Extracted data entries:
(* Suppose each firm $i$'s payoff is $$\pi_i(\boldsymbol{x})=\alpha_0+\alpha_1x_i-\frac{\alpha_2}{2}x_i^2+\beta_1\sum_{j\ne i}x_j-\beta_2\sum_{j\ne i}x_ix_j,$$ equilibria are interior (characterized by first-order conditions), and consider two-period sequential games $\boldsymbol{n}=(n_1,n_2)$ with $n_1\ge1$, $n_2\ge0$. Suppose the Stackelberg independence property is non-trivially satisfied for all $(n_1,n_2)$, i.e. the total equilibrium quantity of the period-1 firms is independent of $n_2$ for every $n_1$ and is not identically zero (with $\alpha_1\neq 0$ and $\alpha_2\ne\beta_2$). Then $\alpha_2=2\beta_2$ and $\beta_1=0$, so that (up to the irrelevant constant $\alpha_0$) $\pi_i(\boldsymbol{x})=x_i\,a(\overline{X}_c-X)$ with $a=\beta_2$, $\overline{X}_c=\alpha_1/\beta_2$, and $X=\sum_jx_j$.
   Context: Two-period sequential game: the $n_1$ firms of period 1 choose quantities simultaneously; the $n_2$ firms of period 2 observe the period-1 total $X_1$ and then choose simultaneously; equilibrium is subgame perfect. Stackelberg independence here means the period-1 firms' equilibrium choices do not depend on $n_2$. *)

From Stdlib Require Import Reals List Arith.
Open Scope R_scope.

Definition sumR (l : list nat) (f : nat -> R) : R :=
  fold_right (fun j acc => f j + acc) 0 l.

Definition others (n i : nat) : list nat :=
  filter (fun j => negb (Nat.eqb j i)) (seq 0 n).

Definition total (n : nat) (x : nat -> R) : R := sumR (seq 0 n) x.

Definition payoff (a0 a1 a2 b1 b2 : R) (n : nat) (x : nat -> R) (i : nat) : R :=
  a0 + a1 * x i - a2 / 2 * (x i) ^ 2
  + b1 * sumR (others n i) x
  - b2 * sumR (others n i) (fun j => x i * x j).

Definition upd (x : nat -> R) (i : nat) (v : R) : nat -> R :=
  fun j => if Nat.eqb j i then v else x j.

(* In the game (n1,n2), firms 0..n1-1 move in period 1, firms n1..n1+n2-1 in
   period 2.  The full profile built from period-1 quantities y and period-2
   quantities z (only indices >= n1 of z matter). *)
Definition profile (n1 : nat) (y z : nat -> R) : nat -> R :=
  fun j => if Nat.ltb j n1 then y j else z j.

(* Period-2 strategies: sigma X1 gives the period-2 quantities after observing
   the period-1 total X1.  Equilibrium in every subgame (interior, i.e.
   characterized by the first-order conditions). *)
Definition stage2_eq (a0 a1 a2 b1 b2 : R) (n1 n2 : nat)
    (sigma : R -> nat -> R) : Prop :=
  forall (y : nat -> R) (i : nat), (n1 <= i < n1 + n2)%nat ->
    let x := profile n1 y (sigma (total n1 y)) in
    derivable_pt_lim (fun v => payoff a0 a1 a2 b1 b2 (n1 + n2) (upd x i v) i)
      (x i) 0.

Definition spe (a0 a1 a2 b1 b2 : R) (n1 n2 : nat)
    (y : nat -> R) (sigma : R -> nat -> R) : Prop :=
  stage2_eq a0 a1 a2 b1 b2 n1 n2 sigma /\
  forall i : nat, (i < n1)%nat ->
    derivable_pt_lim
      (fun v => let y' := upd y i v in
                payoff a0 a1 a2 b1 b2 (n1 + n2)
                  (profile n1 y' (sigma (total n1 y'))) i)
      (y i) 0.

From Stdlib Require Import Reals List Arith Lra Lia.
From Coquelicot Require Import Coquelicot.
Open Scope R_scope.

(* A firm's payoff depends on the others' quantities only through their sum [S],
   so each first-order condition is linear.  When a single firm moves in period 2
   its best response to the period-1 total [X1] is [(a1 - b2 X1) / a2]; a leader
   anticipating it faces an affine [S], and summing the leaders' conditions gives
   one equation in the period-1 total for each game.  Equating that total across
   the games (1,0), (1,1) and across (2,0), (2,1) yields [b1 = Q1 (2 b2 - a2)]
   and [2 b1 = Q2 (2 b2 - a2)], with [a1 = a2 Q1] and [2 a1 = (a2 + b2) Q2];
   if [a2 <> 2 b2] these force [a1 = 0]. *)

Lemma sumR_app (l1 l2 : list nat) (f : nat -> R) :
  sumR (l1 ++ l2) f = sumR l1 f + sumR l2 f.
Proof. unfold sumR. induction l1 as [|j l1 IH]; cbn; [ring | rewrite IH; ring]. Qed.

Lemma sumR_scal (l : list nat) (f : nat -> R) (c : R) :
  sumR l (fun j => c * f j) = c * sumR l f.
Proof. unfold sumR. induction l as [|j l IH]; cbn; [ring | rewrite IH; ring]. Qed.

Lemma sumR_ext_in (l : list nat) (f g : nat -> R) :
  (forall j, In j l -> f j = g j) -> sumR l f = sumR l g.
Proof.
unfold sumR. induction l as [|j l IH]; intros Hfg; cbn; [reflexivity|].
rewrite (Hfg j (or_introl eq_refl)).
rewrite IH by (intros k Hk; apply Hfg; now right). reflexivity.
Qed.

Lemma sumR_filter_split (l : list nat) (f : nat -> R) (p : nat -> bool) :
  sumR l f = sumR (filter p l) f + sumR (filter (fun j => negb (p j)) l) f.
Proof.
unfold sumR. induction l as [|j l IH]; cbn; [ring|].
destruct (p j); cbn; rewrite IH; ring.
Qed.

Lemma filter_id_in (p : nat -> bool) (l : list nat) :
  (forall j, In j l -> p j = true) -> filter p l = l.
Proof.
intros Hp. rewrite (filter_ext_in p (fun _ => true)) by exact Hp.
clear Hp. induction l as [|j l IH]; cbn; [reflexivity | now rewrite IH].
Qed.

Lemma filter_eqb_seq (n i : nat) :
  (i < n)%nat -> filter (fun j => Nat.eqb j i) (seq 0 n) = i :: nil.
Proof.
intros Hi. induction n as [|n IH]; [lia|].
rewrite seq_S, filter_app. cbn. destruct (Nat.eqb_spec n i) as [->|Hne].
- rewrite (filter_ext_in _ (fun _ => false)), filter_false; [reflexivity|].
  intros j Hj. apply in_seq in Hj. apply Nat.eqb_neq. lia.
- rewrite IH by lia. reflexivity.
Qed.

Lemma total_split (n : nat) (x : nat -> R) (i : nat) :
  (i < n)%nat -> total n x = x i + sumR (others n i) x.
Proof.
intros Hi. unfold total, others.
rewrite (sumR_filter_split _ _ (fun j => Nat.eqb j i)), filter_eqb_seq by exact Hi.
cbn. ring.
Qed.

Lemma total_S (n : nat) (x : nat -> R) : total (S n) x = total n x + x n.
Proof. unfold total. rewrite seq_S, sumR_app. cbn. ring. Qed.

Lemma others_app (n1 n2 i : nat) :
  (i < n1)%nat -> others (n1 + n2) i = others n1 i ++ seq n1 n2.
Proof.
intros Hi. unfold others. rewrite seq_app, filter_app. f_equal.
apply filter_id_in. intros j Hj. apply in_seq in Hj.
apply Bool.negb_true_iff, Nat.eqb_neq. lia.
Qed.

Lemma others_last (n : nat) : others (S n) n = seq 0 n.
Proof.
unfold others. rewrite seq_S, filter_app. cbn. rewrite Nat.eqb_refl, app_nil_r.
apply filter_id_in. intros j Hj. apply in_seq in Hj.
apply Bool.negb_true_iff, Nat.eqb_neq. lia.
Qed.

Lemma sum_of_focs (n : nat) (y : nat -> R) (c d e : R) :
  (forall i, (i < n)%nat -> d * y i + e = c) ->
  d * total n y + INR n * e = INR n * c.
Proof.
induction n as [|n IH]; intros Hfoc.
- unfold total. cbn. ring.
- rewrite total_S, S_INR.
  replace (d * (total n y + y n) + (INR n + 1) * e)
    with ((d * total n y + INR n * e) + (d * y n + e)) by ring.
  rewrite (IH (fun i Hi => Hfoc i ltac:(lia))), (Hfoc n) by lia. ring.
Qed.

Section Payoffs.

Variables a0 a1 a2 b1 b2 : R.

Definition own_payoff (v S : R) : R :=
  a0 + a1 * v - a2 / 2 * v ^ 2 + b1 * S - b2 * v * S.

Lemma payoff_own (n : nat) (x : nat -> R) (i : nat) :
  payoff a0 a1 a2 b1 b2 n x i = own_payoff (x i) (sumR (others n i) x).
Proof. unfold payoff, own_payoff. rewrite sumR_scal. ring. Qed.

Lemma others_upd (n i : nat) (x : nat -> R) (v : R) :
  sumR (others n i) (upd x i v) = sumR (others n i) x.
Proof.
apply sumR_ext_in. intros j Hj. unfold others in Hj. apply filter_In in Hj.
unfold upd. destruct (Nat.eqb j i); [discriminate (proj2 Hj) | reflexivity].
Qed.

Lemma follower_deviation_payoff (n1 : nat) (y z : nat -> R) (v : R) :
  payoff a0 a1 a2 b1 b2 (n1 + 1) (upd (profile n1 y z) n1 v) n1
  = own_payoff v (total n1 y).
Proof.
rewrite payoff_own, others_upd, Nat.add_1_r, others_last.
unfold upd. rewrite Nat.eqb_refl. f_equal.
apply sumR_ext_in. intros j Hj. apply in_seq in Hj.
unfold profile. destruct (Nat.ltb_spec j n1); [reflexivity | lia].
Qed.

Lemma leader_deviation_payoff (n1 n2 : nat) (y z : nat -> R) (i : nat) (v : R) :
  (i < n1)%nat ->
  payoff a0 a1 a2 b1 b2 (n1 + n2) (profile n1 (upd y i v) z) i
  = own_payoff v (sumR (others n1 i) y + sumR (seq n1 n2) z).
Proof.
intros Hi. rewrite payoff_own, others_app, sumR_app by exact Hi.
unfold profile at 1. destruct (Nat.ltb_spec i n1); [|lia].
unfold upd at 1. rewrite Nat.eqb_refl. f_equal. f_equal.
- rewrite <- (others_upd n1 i y v). apply sumR_ext_in. intros j Hj.
  unfold others in Hj. apply filter_In in Hj. destruct Hj as [Hj _].
  apply in_seq in Hj. unfold profile. destruct (Nat.ltb_spec j n1); [reflexivity | lia].
- apply sumR_ext_in. intros j Hj. apply in_seq in Hj.
  unfold profile. destruct (Nat.ltb_spec j n1); [lia | reflexivity].
Qed.

Lemma own_payoff_affine_derive (p q v : R) :
  derivable_pt_lim (fun w => own_payoff w (p + q * w)) v
    (a1 - a2 * v + b1 * q - b2 * (p + 2 * q * v)).
Proof.
apply is_derive_Reals. unfold own_payoff.
auto_derive; [exact I | field].
Qed.

Lemma own_payoff_foc (p q v l : R) :
  derivable_pt_lim (fun w => own_payoff w (p + q * w)) v l ->
  l = a1 - a2 * v + b1 * q - b2 * (p + 2 * q * v).
Proof. intros Hl. exact (uniqueness_limite _ _ _ _ Hl (own_payoff_affine_derive p q v)). Qed.

Lemma follower_best_response (n1 : nat) (sigma : R -> nat -> R) :
  (1 <= n1)%nat -> a1 <> 0 -> stage2_eq a0 a1 a2 b1 b2 n1 1 sigma ->
  a2 <> 0 /\ forall t, sigma t n1 = (a1 - b2 * t) / a2.
Proof.
intros Hn1 Ha1 Heq.
assert (Hfoc : forall t, a2 * sigma t n1 = a1 - b2 * t).
{ intros t. set (y := upd (fun _ => 0) 0 t).
  assert (Hy : total n1 y = t).
  { rewrite (total_split n1 y 0) by lia.
    rewrite (sumR_ext_in _ _ (fun j => 0 * y j)), sumR_scal.
    - unfold y, upd. cbn. ring.
    - intros j Hj. unfold others in Hj. apply filter_In in Hj.
      unfold y, upd. destruct (Nat.eqb j 0); [discriminate (proj2 Hj) | ring]. }
  specialize (Heq y n1 ltac:(lia)). cbv zeta in Heq. rewrite Hy in Heq.
  apply (derivable_pt_lim_ext _ (fun w => own_payoff w (total n1 y + 0 * w))) in Heq.
  2: { intros w. rewrite follower_deviation_payoff. f_equal. ring. }
  apply own_payoff_foc in Heq. rewrite Hy in Heq.
  unfold profile in Heq. rewrite Nat.ltb_irrefl in Heq. lra. }
assert (Ha2 : a2 <> 0).
{ intros E. specialize (Hfoc 0). rewrite E in Hfoc. lra. }
split; [exact Ha2|]. intros t. rewrite <- Hfoc. field. exact Ha2.
Qed.

Lemma simultaneous_total (n1 : nat) (y : nat -> R) (sigma : R -> nat -> R) :
  spe a0 a1 a2 b1 b2 n1 0 y sigma ->
  (a2 + (INR n1 - 1) * b2) * total n1 y = INR n1 * a1.
Proof.
intros [_ Hlead].
rewrite <- (sum_of_focs n1 y a1 (a2 - b2) (b2 * total n1 y)); [ring|].
intros i Hi. specialize (Hlead i Hi).
apply (derivable_pt_lim_ext _ (fun v => own_payoff v (sumR (others n1 i) y + 0 * v))) in Hlead.
2: { intros v. cbv zeta. rewrite leader_deviation_payoff by exact Hi.
     f_equal. cbn. ring. }
apply own_payoff_foc in Hlead. rewrite (total_split n1 y i Hi). lra.
Qed.

Lemma sequential_total (n1 : nat) (y : nat -> R) (sigma : R -> nat -> R) :
  (1 <= n1)%nat -> a1 <> 0 -> spe a0 a1 a2 b1 b2 n1 1 y sigma ->
  (b2 ^ 2 + a2 * b2 - a2 ^ 2) * total n1 y
  + INR n1 * (a1 * a2 - b1 * b2 - a1 * b2 + (b2 ^ 2 - a2 * b2) * total n1 y) = 0.
Proof.
intros Hn1 Ha1 [Hstage2 Hlead].
destruct (follower_best_response n1 sigma Hn1 Ha1 Hstage2) as [Ha2 Hsigma].
set (X := total n1 y).
enough (Hfoc : forall i, (i < n1)%nat ->
  (b2 ^ 2 + a2 * b2 - a2 ^ 2) * y i
  + (a1 * a2 - b1 * b2 - a1 * b2 + (b2 ^ 2 - a2 * b2) * X) = 0).
{ pose proof (sum_of_focs n1 y 0 _ _ Hfoc) as Hsum. rewrite Rmult_0_r in Hsum.
  exact Hsum. }
intros i Hi. specialize (Hlead i Hi).
set (S := sumR (others n1 i) y) in Hlead.
(* the follower reacts to the deviating leader's total [v + S] *)
apply (derivable_pt_lim_ext _
  (fun v => own_payoff v ((S + (a1 - b2 * S) / a2) + (- b2 / a2) * v))) in Hlead.
2: { intros v. cbv zeta. rewrite leader_deviation_payoff by exact Hi.
     rewrite (total_split n1 (upd y i v) i Hi), others_upd. fold S.
     unfold upd at 1. rewrite Nat.eqb_refl. cbn. rewrite Hsigma.
     f_equal. field. exact Ha2. }
apply own_payoff_foc in Hlead.
assert (HX : X = y i + S) by exact (total_split n1 y i Hi).
apply (Rmult_eq_compat_l a2) in Hlead. field_simplify in Hlead; [|exact Ha2].
rewrite HX. lra.
Qed.

Lemma payoff_normal_form (n : nat) (x : nat -> R) (i : nat) :
  a2 = 2 * b2 -> b1 = 0 -> b2 <> 0 -> (i < n)%nat ->
  payoff a0 a1 a2 b1 b2 n x i - a0 = x i * (b2 * (a1 / b2 - total n x)).
Proof.
intros Ha2 Hb1 Hb2 Hi. rewrite payoff_own, (total_split n x i Hi).
unfold own_payoff. rewrite Ha2, Hb1. field. exact Hb2.
Qed.

End Payoffs.

Lemma independence_parameters (a1 a2 b1 b2 Q1 Q2 : R) :
  a1 <> 0 -> b2 <> 0 ->
  a2 * Q1 = a1 ->
  (a2 + b2) * Q2 = 2 * a1 ->
  (b2 ^ 2 + a2 * b2 - a2 ^ 2) * Q1 + (a1 * a2 - b1 * b2 - a1 * b2 + (b2 ^ 2 - a2 * b2) * Q1) = 0 ->
  (b2 ^ 2 + a2 * b2 - a2 ^ 2) * Q2 + 2 * (a1 * a2 - b1 * b2 - a1 * b2 + (b2 ^ 2 - a2 * b2) * Q2) = 0 ->
  a2 = 2 * b2 /\ b1 = 0.
Proof.
intros Ha1 Hb2 HA HB HC HD.
assert (Hb1 : b2 * (b1 - Q1 * (2 * b2 - a2)) = 0) by (rewrite <- HA in HC; lra).
assert (Hb1' : b2 * (2 * b1 - Q2 * (2 * b2 - a2)) = 0) by nra.
apply Rmult_integral in Hb1 as [|Hb1]; [contradiction|].
apply Rmult_integral in Hb1' as [|Hb1']; [contradiction|].
destruct (Req_dec a2 (2 * b2)) as [Hk|Hk].
- split; [exact Hk|]. rewrite Hk in Hb1. lra.
- exfalso. assert (HQ : Q2 = 2 * Q1).
  { apply (Rmult_eq_reg_r (2 * b2 - a2)); lra. }
  assert (Hb2Q1 : b2 * Q1 = 0) by (rewrite HQ in HB; lra).
  apply Rmult_integral in Hb2Q1 as [|HQ1]; [contradiction|].
  apply Ha1. rewrite <- HA, HQ1. ring.
Qed.

Theorem proposition5 (a0 a1 a2 b1 b2 : R)
  (ha1 : a1 <> 0) (ha2 : a2 <> b2) (hb2 : b2 <> 0)
  (Q : nat -> R)
  (hindep : forall n1 n2 : nat, (1 <= n1)%nat ->
     exists (y : nat -> R) (sigma : R -> nat -> R),
       spe a0 a1 a2 b1 b2 n1 n2 y sigma /\ total n1 y = Q n1)
  (hnontriv : exists n1 : nat, (1 <= n1)%nat /\ Q n1 <> 0) :
  a2 = 2 * b2 /\ b1 = 0 /\
  (forall (n : nat) (x : nat -> R) (i : nat), (i < n)%nat ->
     payoff a0 a1 a2 b1 b2 n x i - a0 = x i * (b2 * (a1 / b2 - total n x))).
Proof.
destruct (hindep 1%nat 0%nat ltac:(lia)) as (yA & sA & HA & QA).
destruct (hindep 2%nat 0%nat ltac:(lia)) as (yB & sB & HB & QB).
destruct (hindep 1%nat 1%nat ltac:(lia)) as (yC & sC & HC & QC).
destruct (hindep 2%nat 1%nat ltac:(lia)) as (yD & sD & HD & QD).
apply simultaneous_total in HA, HB.
apply sequential_total in HC, HD; try lia; try exact ha1.
rewrite QA in HA. rewrite QB in HB. rewrite QC in HC. rewrite QD in HD.
cbn in HA, HB, HC, HD.
destruct (independence_parameters a1 a2 b1 b2 (Q 1%nat) (Q 2%nat) ha1 hb2)
  as [Ha2 Hb1]; try lra.
split; [exact Ha2 | split; [exact Hb1|]].
intros n x i Hi. exact (payoff_normal_form a0 a1 a2 b1 b2 n x i Ha2 Hb1 hb2 Hi).
Qed.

What you need to do
Return exactly the lines above from the line that has "one equation in" through the line that has "Lemma sumR_scal (l", inclusive, and nothing else.

Result of this task
   one equation in the period-1 total for each game.  Equating that total across
   the games (1,0), (1,1) and across (2,0), (2,1) yields [b1 = Q1 (2 b2 - a2)]
   and [2 b1 = Q2 (2 b2 - a2)], with [a1 = a2 Q1] and [2 a1 = (a2 + b2) Q2];
   if [a2 <> 2 b2] these force [a1 = 0]. *)

Lemma sumR_app (l1 l2 : list nat) (f : nat -> R) :
  sumR (l1 ++ l2) f = sumR l1 f + sumR l2 f.
Proof. unfold sumR. induction l1 as [|j l1 IH]; cbn; [ring | rewrite IH; ring]. Qed.

Lemma sumR_scal (l : list nat) (f : nat -> R) (c : R) :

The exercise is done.